Malinowski opisuje w niej przede wszystkim rytuał Kula, ukazujący zdolności handlowe ludów tam żyjących. Rytuał polega na wymianie biżuterii, opierającej się na pewnych szytwno ustalonych regułach związanych m.in. z równą wartością wymienianych przedmiotów. Malinowski upatruje w przedstawicielach społeczeństw pierwotnych wcielenia Argonautów z mitologii greckiej, którzy udali się po Złote Runo. Rozprawa Malinowskiego została oparta na wynikach jego metody badań antropologicznych — metody uczestniczącej, a nie wyłącznie obserwacyjnej.
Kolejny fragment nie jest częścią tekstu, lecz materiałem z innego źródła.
Lemma recovery_iter n i :
  iter n (recovery_step E k T xt) (fun=> [::]) i = take (n * k) ranked.
Proof.
elim: n i => [|n IHn] i; first by rewrite take0.
rewrite iterS; move: (iter n _ _) IHn => S S_eq.
rewrite /recovery_step S_eq topk_run_diameter //; last by move=> j; case: ifP.
rewrite (@topk_drop _ _ k (n * k) all_pairs) -/ranked.
  by rewrite -takeD mulSn addnC.
move=> z; rewrite mem_filter; apply/flatten_mapP/andP.
  case=> j _; rewrite S_eq; case: ifP => //= z_new /[!inE] /eqP->.
  by rewrite z_new map_f ?mem_enum.
case=> /[swap] /mapP[j _ ->] z_new; exists j; rewrite ?mem_enum //.
by rewrite S_eq (negbTE z_new) mem_head.
Qed.

Lemma leq_ceil_div_mul : (m <= ceil_div m k * k)%N.
Proof.
rewrite /ceil_div; have := divn_eq (m + k.-1) k; have := ltn_pmod (m + k.-1) k_gt0.
lia.
Qed.

Lemma recovered_sum i : \sum_(p <- recovered E k T xt i) p.1 = \sum_(j < m) xt j.
Proof.
rewrite /recovered recovery_iter take_oversize ?size_ranked ?leq_ceil_div_mul //.
by rewrite (perm_big _ perm_ranked) big_map big_enum.
Qed.

End Recovery.

Section Rmod.
Variables (R : realType) (M : R).
Hypothesis M_gt0 : 0 < M.

Lemma rmodDz y (z : int) : rmod (y + z%:~R * M) M = rmod y M.
Proof.
rewrite /rmod mulrDl mulfK ?gt_eqF // floorDrz ?intr_int // intrKfloor intrD.
ring.
Qed.

Lemma rmod_id y : 0 <= y < M -> rmod y M = y.
Proof.
case/andP=> y_ge0 y_ltM; rewrite /rmod (@floor_def _ _ 0) ?mul0r ?subr0 //.
by rewrite add0r /= divr_ge0 ?(ltW M_gt0) //= ltr_pdivrMr // mul1r.
Qed.

Lemma rmodD_sum_rmod (I : Type) y (s : seq I) (F : I -> R) :
  rmod (y + \sum_(i <- s) rmod (F i) M) M = rmod (y + \sum_(i <- s) F i) M.
Proof.
have -> : \sum_(i <- s) rmod (F i) M =
    \sum_(i <- s) F i + (- \sum_(i <- s) Num.floor (F i / M))%:~R * M.
  by rewrite /rmod big_split sumrN mulrNz mulNr -mulr_suml -mulrz_sumr.
by rewrite addrA rmodDz.
Qed.

End Rmod.

Lemma sum_netflow_eq0 (V : zmodType) (I : finType) (E : rel I) (f : I -> I -> V) :
  \sum_i (\sum_(j | E j i) f j i - \sum_(j | E i j) f i j) = 0.
Proof. by rewrite sumrB (exchange_big_dep xpredT) //= subrr. Qed.

Lemma rmod_sum_perturbed (R : realType) m (E : rel 'I_m) (a : R) x r :
  0 < m%:R * a ->
  rmod (\sum_j perturbed E a x r j) (m%:R * a) = rmod (\sum_j x j) (m%:R * a).
Proof.
move=> M_gt0; rewrite /perturbed -[X in rmod X _ = _]add0r rmodD_sum_rmod //.
by rewrite add0r big_split /= /obf_t rmodD_sum_rmod // sum_netflow_eq0 addr0.
Qed.

Theorem theorem2 (R : realType) (m : nat) (E : rel 'I_m) (a : R)
    (x : 'I_m -> R) (r : 'I_m -> 'I_m -> R) (k T : nat) :
  strongly_connected E ->
  0 < a ->
  (forall i, 0 <= x i < a) ->
  (forall i j, E i j -> 0 <= r i j < m%:R * a) ->
  (diameter E <= T)%N ->
  (0 < k <= m)%N ->
  forall i : 'I_m, titan_output E a k T x r i = (m%:R)^-1 * \sum_(j < m) x j.
Proof.
(* The range of the r's only matters for privacy, not for correctness. *)
move=> conn a_gt0 x_range _ diam_T /andP[k_gt0 k_le_m] i.
have m_gt0 : (0 < m)%N := leq_trans k_gt0 k_le_m.
have M_gt0 : 0 < m%:R * a by rewrite mulr_gt0 ?ltr0n.
rewrite /titan_output recovered_sum // rmod_sum_perturbed // rmod_id //.
rewrite sumr_ge0 => [|j _]; last by case/andP: (x_range j).
have -> : m%:R * a = \sum_(j < m) a by rewrite sumr_const card_ord mulr_natl.
apply: ltr_sum => [|j _]; last by case/andP: (x_range j).
by apply/hasP; exists (Ordinal m_gt0); rewrite ?mem_index_enum.
Qed.
Lemma nondecreasing_cvg_esup u e :
  (forall n, u n <= u n.+1) -> u @ \oo --> e -> esup u = e.
Proof. by move=> /nondecreasing_cvg u_sup u_e; exact: cvg_unique _ u_sup u_e. Qed.

Lemma esup_cst (x : \bar R) : esup (fun _ : nat => x) = x.
Proof. by apply: nondecreasing_cvg_esup => //; exact: cvg_cst. Qed.

Lemma esupD u v : (forall n, u n <= u n.+1) -> (forall n, v n <= v n.+1) ->
  (forall n, 0 <= u n) -> (forall n, 0 <= v n) ->
  esup (fun n => u n + v n) = esup u + esup v.
Proof.
move=> u_nd v_nd u_ge0 v_ge0; apply: nondecreasing_cvg_esup.
  by move=> n; apply: leeD.
apply: cvgeD; [|exact: nondecreasing_cvg|exact: nondecreasing_cvg].
by apply: ge0_adde_def; rewrite inE; exact: le_trans (esup_ub _ 0%N).
Qed.

Lemma esupZl p u : (0 <= p)%R -> (forall n, u n <= u n.+1) ->
  esup (fun n => p%:E * u n) = p%:E * esup u.
Proof.
move=> p_ge0 u_nd; apply: nondecreasing_cvg_esup.
  by move=> n; apply: lee_wpmul2l; rewrite ?lee_fin.
by apply: cvgeZl => //; exact: nondecreasing_cvg.
Qed.

Lemma esup_affine p q u v : (0 <= p)%R -> (0 <= q)%R ->
  (forall n, u n <= u n.+1) -> (forall n, v n <= v n.+1) ->
  (forall n, 0 <= u n) -> (forall n, 0 <= v n) ->
  esup (fun n => 1 + p%:E * u n + q%:E * v n) = 1 + p%:E * esup u + q%:E * esup v.
Proof.
move=> p_ge0 q_ge0 u_nd v_nd u_ge0 v_ge0.
have pu_ge0 n : 0 <= p%:E * u n by apply: mule_ge0; rewrite ?lee_fin.
have qv_ge0 n : 0 <= q%:E * v n by apply: mule_ge0; rewrite ?lee_fin.
have pu_nd n : p%:E * u n <= p%:E * u n.+1 by apply: lee_wpmul2l; rewrite ?lee_fin.
have qv_nd n : q%:E * v n <= q%:E * v n.+1 by apply: lee_wpmul2l; rewrite ?lee_fin.
rewrite (esupD (u := fun n => 1 + p%:E * u n)) //; last 2 first.
- by move=> n; apply: leeD2l.
- by move=> n; apply: adde_ge0.
by rewrite (esupD (u := fun _ => 1)) // esup_cst !esupZl.
Qed.

Lemma esup_sum (T : Type) (s : seq T) (a : nat -> T -> \bar R) :
  (forall n x, 0 <= a n x) -> (forall n x, a n x <= a n.+1 x) ->
  \sum_(x <- s) esup (fun n => a n x) = esup (fun n => \sum_(x <- s) a n x).
Proof.
move=> a_ge0 a_nd; elim: s => [|y s IHs].
  by rewrite big_nil; under eq_fun do rewrite big_nil; rewrite esup_cst.
rewrite big_cons IHs; under [in RHS]eq_fun do rewrite big_cons.
rewrite esupD // => n; first exact: lee_sum.
exact: sume_ge0.
Qed.

Lemma esup_esum (T : choiceType) (a : nat -> T -> \bar R) :
  (forall n x, 0 <= a n x) -> (forall n x, a n x <= a n.+1 x) ->
  \esum_(x in [set: T]) esup (fun n => a n x) =
  esup (fun n => \esum_(x in [set: T]) a n x).
Proof.
move=> a_ge0 a_nd; apply/eqP; rewrite eq_le; apply/andP; split; last first.
  by apply: ge_esup => n; apply: le_esum => x _; exact: esup_ub.
apply: ge_ereal_sup => _ [X [finX _] <-].
rewrite fsbig_finite // esup_sum //; apply: le_esup => n.
by rewrite -fsbig_finite //; apply: esum_ge; exists X.
Qed.

End EsupChain.

Section RuntimeTransformers.
Variables (R : realType) (Var : eqType) (Val : choiceType).
Notation runtime := (runtime R Var Val).
Implicit Types (f g X : runtime) (F : nat -> runtime) (E : runtime -> runtime).

Definition preserves_runtime E := forall X, is_runtime X -> is_runtime (E X).

Definition rt_continuous E := forall F,
  (forall n, is_runtime (F n)) -> (forall n, rt_le (F n) (F n.+1)) ->
  E (rt_sup F) = rt_sup (fun n => E (F n)).

Lemma rt_sup_runtime F : (forall n, is_runtime (F n)) -> is_runtime (rt_sup F).
Proof. by move=> F_rt s; exact: le_trans (F_rt 0%N s) (esup_ub _ _). Qed.

Lemma rt_sup_cst f : rt_sup (fun _ : nat => f) = f.
Proof. by apply: funext => s; rewrite /rt_sup esup_cst. Qed.

Lemma rt_continuous_monotone E : rt_continuous E ->
  forall f g, is_runtime f -> is_runtime g -> rt_le f g -> rt_le (E f) (E g).
Proof.
move=> E_cont f g f_rt g_rt fg.
pose G n := if n is 0%N then f else g.
have supG : rt_sup G = g.
  apply: funext => s; apply/eqP; rewrite eq_le; apply/andP; split.
    by apply: ge_esup => -[|n].
  exact: (esup_ub (fun n => G n s) 1%N).
have := E_cont G; rewrite supG => ->; last 2 first.
- by case.
- by move=> [|n] s //=.
by move=> s; exact: (esup_ub (fun n => E (G n) s) 0%N).
Qed.

Lemma rt_continuous_chain E F : rt_continuous E ->
  (forall n, is_runtime (F n)) -> (forall n, rt_le (F n) (F n.+1)) ->
  forall n, rt_le (E (F n)) (E (F n.+1)).
Proof.
move=> E_cont F_rt F_nd n.
exact: rt_continuous_monotone E_cont _ _ (F_rt n) (F_rt n.+1) (F_nd n).
Qed.

Lemma lfp_kleene E : preserves_runtime E -> rt_continuous E ->
  lfp E = rt_sup (fun k => iter k E (fun _ => 0)).
Proof.
move=> E_rt E_cont; have E_mono := rt_continuous_monotone E_cont.
pose I k := iter k E (fun _ => 0).
have I_rt k : is_runtime (I k) by elim: k => [|k IHk] s //=; apply: E_rt.
have I_nd k : rt_le (I k) (I k.+1).
  elim: k => [|k IHk] s; first exact: (I_rt 1%N s).
  exact: E_mono (I_rt k) (I_rt k.+1) IHk s.
apply: funext => s; apply/eqP; rewrite eq_le; apply/andP; split.
  apply: ereal_inf_lbound; exists (rt_sup I); split => //; first exact: rt_sup_runtime.
  rewrite (E_cont I) // => t.
  by apply: ge_esup => n; exact: (esup_ub (fun k => I k t) n.+1).
apply: le_ereal_inf_tmp => _ [X [X_rt EX_le ->]]; apply: ge_esup => k.
suff : rt_le (I k) X by apply.
elim: k => [|k IHk] t /=; first exact: X_rt.
by apply: le_trans (EX_le t); exact: E_mono (I_rt k) X_rt IHk t.
Qed.

Section ParametricLfp.
Variable Phi : runtime -> runtime -> runtime.
Hypothesis Phi_rt : forall f X, is_runtime f -> is_runtime X -> is_runtime (Phi f X).
Hypothesis Phi_cont : forall F Y,
  (forall n, is_runtime (F n)) -> (forall n, rt_le (F n) (F n.+1)) ->
  (forall n, is_runtime (Y n)) -> (forall n, rt_le (Y n) (Y n.+1)) ->
  Phi (rt_sup F) (rt_sup Y) = rt_sup (fun n => Phi (F n) (Y n)).

Lemma rt_continuous_param_r f : is_runtime f -> rt_continuous (Phi f).
Proof. by move=> f_rt Y Y_rt Y_nd; rewrite -{1}(rt_sup_cst f) Phi_cont // => n s. Qed.

Lemma rt_continuous_param_l X : is_runtime X -> rt_continuous (Phi ^~ X).
Proof. by move=> X_rt F F_rt F_nd; rewrite -{1}(rt_sup_cst X) Phi_cont // => n s. Qed.

Lemma param_monotone f f' X X' : is_runtime f -> is_runtime f' ->
  is_runtime X -> is_runtime X' -> rt_le f f' -> rt_le X X' ->
  rt_le (Phi f X) (Phi f' X').
Proof.
move=> f_rt f'_rt X_rt X'_rt ff' XX' s; apply: le_trans.
  exact: rt_continuous_monotone (rt_continuous_param_r f_rt) _ _ X_rt X'_rt XX' s.
exact: rt_continuous_monotone (rt_continuous_param_l X'_rt) _ _ f_rt f'_rt ff' s.
Qed.

Lemma lfp_param_continuous : rt_continuous (fun f => lfp (Phi f)).
Proof.
move=> F F_rt F_nd; pose I f k := iter k (Phi f) (fun _ => 0).
have I_rt f k : is_runtime f -> is_runtime (I f k).
  by move=> f_rt; elim: k => [|k IHk] s //=; apply: Phi_rt.
have I_nd k n : rt_le (I (F n) k) (I (F n.+1) k).
  by elim: k => [|k IHk] s //=; apply: param_monotone => //; exact: I_rt.
have I_sup k : I (rt_sup F) k = rt_sup (fun n => I (F n) k).
  elim: k => [|k IHk] /=; first by rewrite rt_sup_cst.
  by rewrite IHk Phi_cont // => n; exact: I_rt.
have lfp_iter f : is_runtime f -> lfp (Phi f) = rt_sup (I f).
  move=> f_rt; apply: lfp_kleene; last exact: rt_continuous_param_r.
  by move=> X; exact: Phi_rt.
rewrite lfp_iter; last exact: rt_sup_runtime.
under [in RHS]eq_fun do rewrite lfp_iter //.
by apply: funext => s; rewrite /rt_sup -esup_swap; under eq_fun do rewrite I_sup.
Qed.

End ParametricLfp.

Definition loop_step E (b : pguard R Var Val) f X : runtime :=
  fun s => 1 + (gfalse b s)%:E * f s + (gtrue b s)%:E * E X s.

Lemma gfalse_ge0 (b : pguard R Var Val) s : (0 <= gfalse b s)%R.
Proof. by rewrite /gfalse subr_ge0 gtrue_le1. Qed.

Lemma loop_step_runtime E b f X : preserves_runtime E ->
  is_runtime f -> is_runtime X -> is_runtime (loop_step E b f X).
Proof.
move=> E_rt f_rt X_rt s; apply: adde_ge0; first apply: adde_ge0 => //;
  apply: mule_ge0; rewrite ?lee_fin ?gtrue_ge0 ?gfalse_ge0 //; exact: E_rt.
Qed.

Lemma loop_step_continuous E b F Y : preserves_runtime E -> rt_continuous E ->
  (forall n, is_runtime (F n)) -> (forall n, rt_le (F n) (F n.+1)) ->
  (forall n, is_runtime (Y n)) -> (forall n, rt_le (Y n) (Y n.+1)) ->
  loop_step E b (rt_sup F) (rt_sup Y) = rt_sup (fun n => loop_step E b (F n) (Y n)).
Proof.
move=> E_rt E_cont F_rt F_nd Y_rt Y_nd; apply: funext => s.
rewrite /loop_step (E_cont _ Y_rt Y_nd) /rt_sup esup_affine ?gfalse_ge0 ?gtrue_ge0 //.
- by move=> n; exact: F_nd.
- by move=> n; exact: rt_continuous_chain E_cont Y_rt Y_nd n s.
- by move=> n; exact: F_rt.
- by move=> n; exact: E_rt.
Qed.

End RuntimeTransformers.

Section Ert.
Variables (R : realType) (Var : eqType) (Val : choiceType).
Implicit Types (c : prog R Var Val) (f : runtime R Var Val).

Lemma ert_runtime c : preserves_runtime (ert c).
Proof.
elim: c => [|||x mu|c1 IH1 c2 IH2|c1 IH1 c2 IH2|b c1 IH1 c2 IH2|b c IH] f f_rt s /=.
- exact: f_rt.
- exact: adde_ge0.
- by [].
- apply: adde_ge0 => //; apply: esum_ge0 => v _.
  by apply: mule_ge0; rewrite ?lee_fin ?dsem_ge0.
- exact/IH1/IH2.
- by rewrite le_max IH1.
- apply: adde_ge0; first apply: adde_ge0 => //; apply: mule_ge0;
    rewrite ?lee_fin ?gtrue_ge0 ?gfalse_ge0 //; [exact: IH1|exact: IH2].
- by apply: le_ereal_inf_tmp => _ [X [X_rt _ ->]].
Qed.

Lemma ert_continuous c : rt_continuous (ert c).
Proof.
elim: c => [| | |x mu|c1 IH1 c2 IH2|c1 IH1 c2 IH2|b c1 IH1 c2 IH2|b c IH] F F_rt F_nd.
- by [].
- apply: funext => s; rewrite /= /rt_sup.
  by rewrite (esupD (u := fun _ => 1)) ?esup_cst // => n; [exact: F_nd|exact: F_rt].
- by apply: funext => s; rewrite /rt_sup esup_cst.
- apply: funext => s; rewrite /= /rt_sup.
  have d_ge0 v : 0 <= (dsem mu s v)%:E by rewrite lee_fin dsem_ge0.
  have dF_ge0 n v : 0 <= (dsem mu s v)%:E * F n (upd s x v).
    exact: mule_ge0 (F_rt _ _).
  have dF_nd n v :
      (dsem mu s v)%:E * F n (upd s x v) <= (dsem mu s v)%:E * F n.+1 (upd s x v).
    exact: lee_wpmul2l (F_nd _ _).
  rewrite (esupD (u := fun _ => 1)) ?esup_cst //; last 2 first.
  + by move=> n; apply: le_esum => v _.
  + by move=> n; exact: esum_ge0.
  rewrite -esup_esum //; congr (1 + _); apply: eq_esum => v _.
  by rewrite esupZl ?dsem_ge0 // => n; exact: F_nd.
- have ert2_nd := rt_continuous_chain IH2 F_rt F_nd.
  by rewrite /= IH2 // IH1 // => n; exact: ert_runtime.
- by apply: funext => s; rewrite /= IH1 // IH2 // /rt_sup esup_max.
- apply: funext => s; rewrite /= IH1 // IH2 // /rt_sup.
  rewrite esup_affine ?gtrue_ge0 ?gfalse_ge0 // => n.
  + exact: rt_continuous_chain IH1 F_rt F_nd n s.
  + exact: rt_continuous_chain IH2 F_rt F_nd n s.
  + exact: ert_runtime _ _ (F_rt n) s.
  + exact: ert_runtime _ _ (F_rt n) s.
- apply: (lfp_param_continuous (Phi := loop_step (ert c) b)) => //.
  + by move=> f X; apply: loop_step_runtime; exact: ert_runtime.
  + by move=> *; apply: loop_step_continuous => //; exact: ert_runtime.
Qed.

End Ert.

Theorem lemma1 (R : realType) (Var : eqType) (Val : choiceType)
  (C : prog R Var Val) (F : nat -> runtime R Var Val) :
  (forall n, is_runtime (F n)) ->
  (forall n, rt_le (F n) (F n.+1)) ->
  ert C (rt_sup F) = rt_sup (fun n => ert C (F n)).
Proof. exact: ert_continuous. Qed.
Jego działalność była przełomowa dla antropologii, która do tej pory bazowała na prowadzeniu obserwacji, a także rozszerzaniu założeń na kolejne wyniki badań.
Bronisław Malinowski był polskim antropologiem i socjologiem publikującym w pierwszej połowie XIX wieku. Prowadził badania społeczeństw pierwotnych w różnych zakątkach świata.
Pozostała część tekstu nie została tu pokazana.